- Exercise requirements:
In the records below, find the line with "match b, a with" and the line with "finite because row". Print both exactly, along with every line between them, and no other line.

- Listed records:
(* Consider problem (P): minimize $F(\mathbf{x})=\mathbf{A}\otimes\mathbf{x}$ over $\mathbf{x}\in\mathcal{X}$, under the standing assumptions stated in the context. If (P) is solvable, then: (i) every entry $b_i$ ($i=1,\dots,m$) of the vector $\mathbf{b}$ defined in the context is a real number (i.e. $b_i\neq-\infty$); (ii) every entry $x^*_j(\mathbf{A},\mathbf{b})$ ($j=1,\dots,n$) of the vector $\mathbf{x}^*(\mathbf{A},\mathbf{b})$ defined in the context is a real number (i.e. neither $-\infty$ nor $+\infty$).
   Context: Max-plus algebra: $\mathbb{R}_{\max}=\mathbb{R}\cup\{-\infty\}$ with $a\oplus b=\max\{a,b\}$ and $a\otimes b=a+b$; $\varepsilon=-\infty$. For $\mathbf{A}=(a_{ij})\in\mathbb{R}_{\max}^{m\times n}$ and $\mathbf{x}=(x_j)\in\mathbb{R}^n$, $\mathbf{A}\otimes\mathbf{x}$ is the vector with $i$th component $F_i(\mathbf{x})=\max_{1\le j\le n}(a_{ij}+x_j)$, with $r+(-\infty)=-\infty$. Vectors are compared componentwise. Problem (P): given $\mathbf{A}=(a_{ij})\in\mathbb{R}_{\max}^{m\times n}$, reals $k_1,\dots,k_n\ge 0$ not all zero, and $c\in\mathbb{R}$, let $\mathcal{X}=\{\mathbf{x}\in\mathbb{R}^n : \sum_{j=1}^n k_jx_j=c\}$ and $F(\mathbf{x})=\mathbf{A}\otimes\mathbf{x}$. A point $\tilde{\mathbf{x}}\in\mathcal{X}$ is a globally optimal solution of (P) if $F(\mathbf{x})\ge F(\tilde{\mathbf{x}})$ componentwise for every $\mathbf{x}\in\mathcal{X}$; (P) is solvable if a globally optimal solution exists. Standing assumptions: (1) no row of $\mathbf{A}$ consists entirely of $-\infty$ entries; (2) if the $j$th column of $\mathbf{A}$ consists entirely of $-\infty$ entries, then $k_j>0$. Let $\mathcal{J}=\{j : k_j>0\}$. Define $\mathbf{b}=(b_i)$ by $b_i=-\infty$ if $a_{ij}=-\infty$ for some $j\in\mathcal{J}$, and otherwise $b_i=\frac{\sum_{j\in\mathcal{J}}k_ja_{ij}+c}{\sum_{j\in\mathcal{J}}k_j}$. Define $\mathbf{x}^*(\mathbf{A},\mathbf{b})=(x^*_j(\mathbf{A},\mathbf{b}))$ by $x^*_j(\mathbf{A},\mathbf{b})=\min_{1\le i\le m}(b_i-a_{ij})$, with the conventions, for $r\in\mathbb{R}$: $r-(-\infty)=+\infty$, $(-\infty)-r=-\infty$, $(-\infty)-(-\infty)=+\infty$; thus $x^*_j(\mathbf{A},\mathbf{b})\in\mathbb{R}\cup\{-\infty,+\infty\}$. *)

(* Max-plus algebra R_max = R ∪ {-oo}, represented as
   [option R] with [None] standing for epsilon = -oo. *)
From mathcomp Require Import all_boot all_order all_algebra.
Set Implicit Arguments. Unset Strict Implicit. Unset Printing Implicit Defensive.
Import Order.TTheory GRing.Theory Num.Theory.
Local Open Scope ring_scope.

Section MaxPlus.
Variable R : realFieldType.

Definition rmax := option R.

Definition rmax_add (a b : rmax) : rmax :=
  match a, b with
  | None, _ => b
  | _, None => a
  | Some x, Some y => Some (Num.max x y)
  end.

Definition rmax_mulr (a : rmax) (r : R) : rmax :=
  match a with None => None | Some x => Some (x + r) end.

Definition rmax_le (a b : rmax) : Prop :=
  match a, b with
  | None, _ => True
  | Some _, None => False
  | Some x, Some y => x <= y
  end.

Definition mp_apply m n (A : 'I_m -> 'I_n -> rmax) (x : 'I_n -> R) (i : 'I_m)
  : rmax := \big[rmax_add/None]_(j < n) rmax_mulr (A i j) (x j).

Definition feasible n (k : 'I_n -> R) (c : R) (x : 'I_n -> R) : Prop :=
  \sum_(j < n) k j * x j = c.

Definition glob_opt m n (A : 'I_m -> 'I_n -> rmax) (k : 'I_n -> R) (c : R)
  (xt : 'I_n -> R) : Prop :=
  feasible k c xt /\
  forall x, feasible k c x -> forall i, rmax_le (mp_apply A xt i) (mp_apply A x i).

Definition solvable m n (A : 'I_m -> 'I_n -> rmax) (k : 'I_n -> R) (c : R) : Prop :=
  exists xt, glob_opt A k c xt.

Definition bvec m n (A : 'I_m -> 'I_n -> rmax) (k : 'I_n -> R) (c : R)
  (i : 'I_m) : rmax :=
  if [exists j : 'I_n, (0 < k j) && (A i j == None)] then None
  else Some ((\sum_(j < n | 0 < k j) k j * odflt 0 (A i j) + c)
             / \sum_(j < n | 0 < k j) k j).

Inductive xval := XNinf | XFin of R | XPinf.

Definition rmax_sub (b a : rmax) : xval :=
  match b, a with
  | Some r, Some s => XFin (r - s)
  | Some _, None => XPinf
  | None, Some _ => XNinf
  | None, None => XPinf
  end.

Definition xval_min (u v : xval) : xval :=
  match u, v with
  | XNinf, _ => XNinf
  | _, XNinf => XNinf
  | XPinf, _ => v
  | _, XPinf => u
  | XFin r, XFin s => XFin (Num.min r s)
  end.

Definition xstar m n (A : 'I_m -> 'I_n -> rmax) (b : 'I_m -> rmax) (j : 'I_n)
  : xval := \big[xval_min/XPinf]_(i < m) rmax_sub (b i) (A i j).

End MaxPlus.

From mathcomp Require Import all_boot all_order all_algebra.
Import Order.TTheory GRing.Theory Num.Theory.
Local Open Scope ring_scope.
Set Implicit Arguments.
Unset Strict Implicit.

(* The heart of the argument is a perturbation of an optimal
   solution: if k_{j0} > 0 but some entry a_{i j0} is -oo, lower every
   coordinate of the optimum x~ by 1 and raise x_{j0} enough to stay on the
   hyperplane sum_j k_j x_j = c.  Since a_{i j0} = -oo, the i-th component
   F_i only sees the lowered coordinates, so it drops by exactly 1; it is
   finite because row i has a finite entry, contradicting optimality.  Hence
   every column j with k_j > 0 is free of -oo entries, which is claim (i).
   Every column has a finite entry (either directly, or k_j > 0 by the
   standing assumptions and the above applies), so each minimum defining
   x*_j involves only terms b_i - a_{ij} in R ∪ {+oo}, at least one of them
   real; this gives claim (ii). *)

Section MaxPlus.
Variable R : realFieldType.

Lemma rmax_mulr_add (u v : rmax R) (d : R) :
  rmax_mulr (rmax_add u v) d = rmax_add (rmax_mulr u d) (rmax_mulr v d).
Proof.
case: u v => [x|] [y|] //=.
by rewrite !maxEle lerD2r; case: ifP.
Qed.

Lemma big_rmax_add_None (I : eqType) (r : seq I) (F : I -> rmax R) :
  \big[@rmax_add R/None]_(i <- r) F i = None -> {in r, forall i, F i = None}.
Proof.
elim: r => [|a r IH] //; rewrite big_cons => Hsum i.
have [Ha Hr] : F a = None /\ \big[@rmax_add R/None]_(j <- r) F j = None.
  by move: Hsum; case: (F a) => [x|]; case: (\big[_/_]_(j <- r) F j).
by rewrite in_cons => /orP[/eqP -> //|]; apply: IH.
Qed.

Lemma big_xval_min_Pinf (I : eqType) (r : seq I) (F : I -> xval R) :
  \big[@xval_min R/XPinf R]_(i <- r) F i = XPinf R ->
  {in r, forall i, F i = XPinf R}.
Proof.
elim: r => [|a r IH] //; rewrite big_cons => Hmin i.
have [Ha Hr] : F a = XPinf R /\ \big[@xval_min R/XPinf R]_(j <- r) F j = XPinf R.
  by move: Hmin; case: (F a) => [|x|]; case: (\big[_/_]_(j <- r) F j).
by rewrite in_cons => /orP[/eqP -> //|]; apply: IH.
Qed.

Lemma big_xval_min_Ninf (I : Type) (r : seq I) (F : I -> xval R) :
  (forall i, F i <> XNinf R) -> \big[@xval_min R/XPinf R]_(i <- r) F i <> XNinf R.
Proof.
move=> HF; elim: r => [|a r IH]; first by rewrite big_nil.
rewrite big_cons.
by move: (HF a) IH; case: (F a) => [|x|]; case: (\big[_/_]_(j <- r) F j).
Qed.

Variables (m n : nat) (A : 'I_m -> 'I_n -> rmax R).

Lemma mp_apply_finite (x : 'I_n -> R) i :
  (exists j, A i j != None) -> exists r, mp_apply A x i = Some r.
Proof.
case=> j HAij; case E: (mp_apply A x i) => [r|]; first by exists r.
move: HAij; have := big_rmax_add_None E (mem_index_enum j).
by case: (A i j).
Qed.

Lemma mp_apply_translate (x : 'I_n -> R) (d : R) i :
  mp_apply A (fun j => x j + d) i = rmax_mulr (mp_apply A x i) d.
Proof.
rewrite /mp_apply (big_morph (fun u => rmax_mulr u d) (fun u v => rmax_mulr_add u v d) erefl).
by apply: eq_bigr => j _; case: (A i j) => //= a; rewrite addrA.
Qed.

Lemma mp_apply_support (x y : 'I_n -> R) i :
  (forall j, A i j != None -> x j = y j) -> mp_apply A x i = mp_apply A y i.
Proof.
move=> Hxy; apply: eq_bigr => j _ /=.
by case E: (A i j) => [a|] //=; rewrite Hxy ?E.
Qed.

Variables (k : 'I_n -> R) (c : R).

Definition perturb (x : 'I_n -> R) (j0 : 'I_n) (l : 'I_n) : R :=
  x l - 1 + (if l == j0 then (\sum_j k j) / k j0 else 0).

Lemma perturb_feasible x j0 :
  0 < k j0 -> feasible k c x -> feasible k c (perturb x j0).
Proof.
move=> Hk Hx; rewrite /feasible /perturb.
under eq_bigr do rewrite mulrDr mulrBr mulr1.
rewrite big_split sumrB /= Hx [X in _ + X](bigD1 j0) //= eqxx.
rewrite [X in _ + (_ + X)]big1 => [|l Hl]; last by rewrite (negbTE Hl) mulr0.
by rewrite addr0 mulrCA divff ?mulr1 ?gt_eqF // subrK.
Qed.

Lemma solvable_column_finite i j0 :
  solvable A k c -> (exists j, A i j != None) -> 0 < k j0 -> A i j0 != None.
Proof.
case=> xt [Hfeas Hopt] Hrow Hk; apply/negP => /eqP HAij0.
have Hdrop : mp_apply A (perturb xt j0) i = rmax_mulr (mp_apply A xt i) (-1).
  rewrite -mp_apply_translate; apply: mp_apply_support => j HAij.
  rewrite /perturb; case: eqP => [Ej | _]; last by rewrite addr0.
  by move: HAij; rewrite Ej HAij0.
have := Hopt _ (perturb_feasible Hk Hfeas) i; rewrite Hdrop.
have [r ->] := mp_apply_finite xt Hrow => /=.
by rewrite -subr_ge0 addrAC subrr add0r oppr_ge0 ler10.
Qed.

End MaxPlus.

Theorem lemma2 (R : realFieldType) (m n : nat) (A : 'I_m -> 'I_n -> rmax R)
  (k : 'I_n -> R) (c : R)
  (Hm : (0 < m)%N)
  (Hk0 : forall j, 0 <= k j)
  (Hknz : exists j, k j != 0)
  (Hrow : forall i, exists j, A i j != None)
  (Hcol : forall j, (forall i, A i j = None) -> 0 < k j)
  (Hsolv : solvable A k c) :
  (forall i, exists r : R, bvec A k c i = Some r) /\
  (forall j, exists r : R, xstar A (bvec A k c) j = XFin r).
Proof.
have Hb i : exists r : R, bvec A k c i = Some r.
  rewrite /bvec; case: existsP => [[j /andP[Hk /eqP HAij]]|_]; last by eexists.
  by move: (solvable_column_finite Hsolv (Hrow i) Hk); rewrite HAij.
have Hcolfin j : exists i, A i j != None.
  apply/existsP; apply: contraT; rewrite negb_exists => /forallP Hnone.
  have HAj i : A i j = None by apply/eqP; rewrite -[_ == _]negbK Hnone.
  have i0 : 'I_m := Ordinal Hm.
  by move: (solvable_column_finite Hsolv (Hrow i0) (Hcol j HAj)); rewrite HAj.
split=> // j.
have Hfin : xstar A (bvec A k c) j <> XNinf R.
  by apply: big_xval_min_Ninf => i; have [r ->] := Hb i; case: (A i j).
have Hreal : xstar A (bvec A k c) j <> XPinf R.
  case: (Hcolfin j) => i HAij /big_xval_min_Pinf /(_ i (mem_index_enum i)).
  by have [r ->] := Hb i; move: HAij; case: (A i j).
by move: Hfin Hreal; case: (xstar A (bvec A k c) j) => // r _ _; exists r.
Qed.
Lemma normrD_lt (d e : R) : `|e| < `|d| -> `|d + e| = `|d| + Num.sg d * e.
Proof.
move=> lt_ed; have /andP[lo hi] : - `|d| < e < `|d| by rewrite -ltr_norml.
case: (ltrgtP d 0) => [d_lt0|d_gt0|d0].
- rewrite ltr0_sg // ltr0_norm // in lo hi *; rewrite ltr0_norm; [ring | lra].
- rewrite gtr0_sg // gtr0_norm // in lo hi *; rewrite gtr0_norm; [ring | lra].
- by move: lt_ed; rewrite d0 normr0 ltNge normr_ge0.
Qed.

Lemma sg_combination_ge (p u v : R) : 0 <= p <= 1 -> p != u -> p != v -> ~ (u < p < v) ->
  (1 - p) * `|p - u| + p * `|p - v| <=
  - (Num.sg (p - u) * u * (1 - p)) + Num.sg (p - v) * (1 - v) * p.
Proof.
move=> /andP[p_ge0 p_le1] pu pv out; rewrite -subr_ge0.
rewrite (_ : _ - _ = p * (1 - p) * (Num.sg (p - v) - Num.sg (p - u))); last first.
  by rewrite !normrEsg; ring.
rewrite mulr_ge0 ?mulr_ge0 ?subr_ge0 //.
have [lt_up|le_pu] := ltrP u p.
  have lt_vp : v < p.
    by rewrite lt_neqAle eq_sym pv leNgt /=; apply/negP => lt_pv; apply: out; rewrite lt_up.
  by rewrite !gtr0_sg ?subr_gt0.
rewrite ltr0_sg ?subr_lt0 ?lt_neqAle ?pu //.
case: (ltrgtP p v) => [lt_pv|lt_vp|/eqP]; last by rewrite (negPf pv).
  by rewrite ltr0_sg ?subr_lt0.
by rewrite gtr0_sg ?subr_gt0 // lerN10.
Qed.
Definition seed (k1 a b c : int) : laurent := sym_x k1 a (sym_y b (lmono 0 0 0 c)).

Lemma lflipy_seed k1 a b c : lflipy (seed k1 a b c) = seed k1 a b c.
Proof.
rewrite /seed /sym_x /sym_y; case: eqP => [->|_]; case: eqP => [->|_] /=;
  rewrite ?ltransD ?ltrans0 !ltrans_mono ?lflipyD !lflipy_mono;
  by funext4; rewrite /ladd /lzero; match_args lmono; ring.
Qed.

Lemma lflipx_theta_seed k1 k2 a b c :
  lflipx (theta k1 k2 (seed k1 a b c)) = theta k1 k2 (seed k1 a b c).
Proof.
rewrite /seed /sym_x /sym_y; case: eqP => [->|_]; case: eqP => [->|_] /=;
  rewrite ?ltransD ?ltrans0 !ltrans_mono ?thetaD !theta_mono;
  rewrite ?lflipxD !lflipx_mono;
  by funext4; rewrite /ladd /lzero; match_args lmono; ring.
Qed.

Lemma gen_submod_shiftAN (P : vec -> Prop) d v :
  gen_submod P (vshiftA d (vopp v)) <-> gen_submod P v.
Proof.
split=> [h|h]; last exact/gsmA/gsmN.
have -> : v = vopp (vshiftA (- d) (vshiftA d (vopp v))).
  by funext4; rewrite /vopp /vshiftA !opprK addrK.
exact/gsmN/gsmA.
Qed.

Lemma gen_submod_sub (P Q : vec -> Prop) :
  (forall v, P v -> gen_submod Q v) -> forall v, gen_submod P v -> gen_submod Q v.
Proof.
move=> PQ v; elim=> [x /PQ //| | x y _ | x _ | f x _]; by constructor.
Qed.

Lemma int_halfr_lt (x y : int) : ((x%:~R : rat) / 2 < y%:~R) = (x < y * 2).
Proof. by rewrite ltr_pdivrMr // -[2]/(2%:~R) -intrM ltr_int. Qed.

Lemma int_halfr_le (x y : int) : ((x%:~R : rat) / 2 <= y%:~R) = (x <= y * 2).
Proof. by rewrite ler_pdivrMr // -[2]/(2%:~R) -intrM ler_int. Qed.

Lemma int_le_halfr (x y : int) : ((y%:~R : rat) <= x%:~R / 2) = (y * 2 <= x).
Proof. by rewrite ler_pdivlMr // -[2]/(2%:~R) -intrM ler_int. Qed.

Section Generation.

Variables k1 k2 : int.
Hypothesis k1_gt0 : 1 <= k1.
Hypothesis k1_le_k2 : k1 <= k2.

Local Notation S := (gen_submod (Jmin k1 k2)).

Definition spanned (f : laurent) : Prop := S (rel12 k1 k2 f).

- Solution:
  match b, a with
  | Some r, Some s => XFin (r - s)
  | Some _, None => XPinf
  | None, Some _ => XNinf
  | None, None => XPinf
  end.

Definition xval_min (u v : xval) : xval :=
  match u, v with
  | XNinf, _ => XNinf
  | _, XNinf => XNinf
  | XPinf, _ => v
  | _, XPinf => u
  | XFin r, XFin s => XFin (Num.min r s)
  end.

Definition xstar m n (A : 'I_m -> 'I_n -> rmax) (b : 'I_m -> rmax) (j : 'I_n)
  : xval := \big[xval_min/XPinf]_(i < m) rmax_sub (b i) (A i j).

End MaxPlus.

From mathcomp Require Import all_boot all_order all_algebra.
Import Order.TTheory GRing.Theory Num.Theory.
Local Open Scope ring_scope.
Set Implicit Arguments.
Unset Strict Implicit.

(* The heart of the argument is a perturbation of an optimal
   solution: if k_{j0} > 0 but some entry a_{i j0} is -oo, lower every
   coordinate of the optimum x~ by 1 and raise x_{j0} enough to stay on the
   hyperplane sum_j k_j x_j = c.  Since a_{i j0} = -oo, the i-th component
   F_i only sees the lowered coordinates, so it drops by exactly 1; it is
   finite because row i has a finite entry, contradicting optimality.  Hence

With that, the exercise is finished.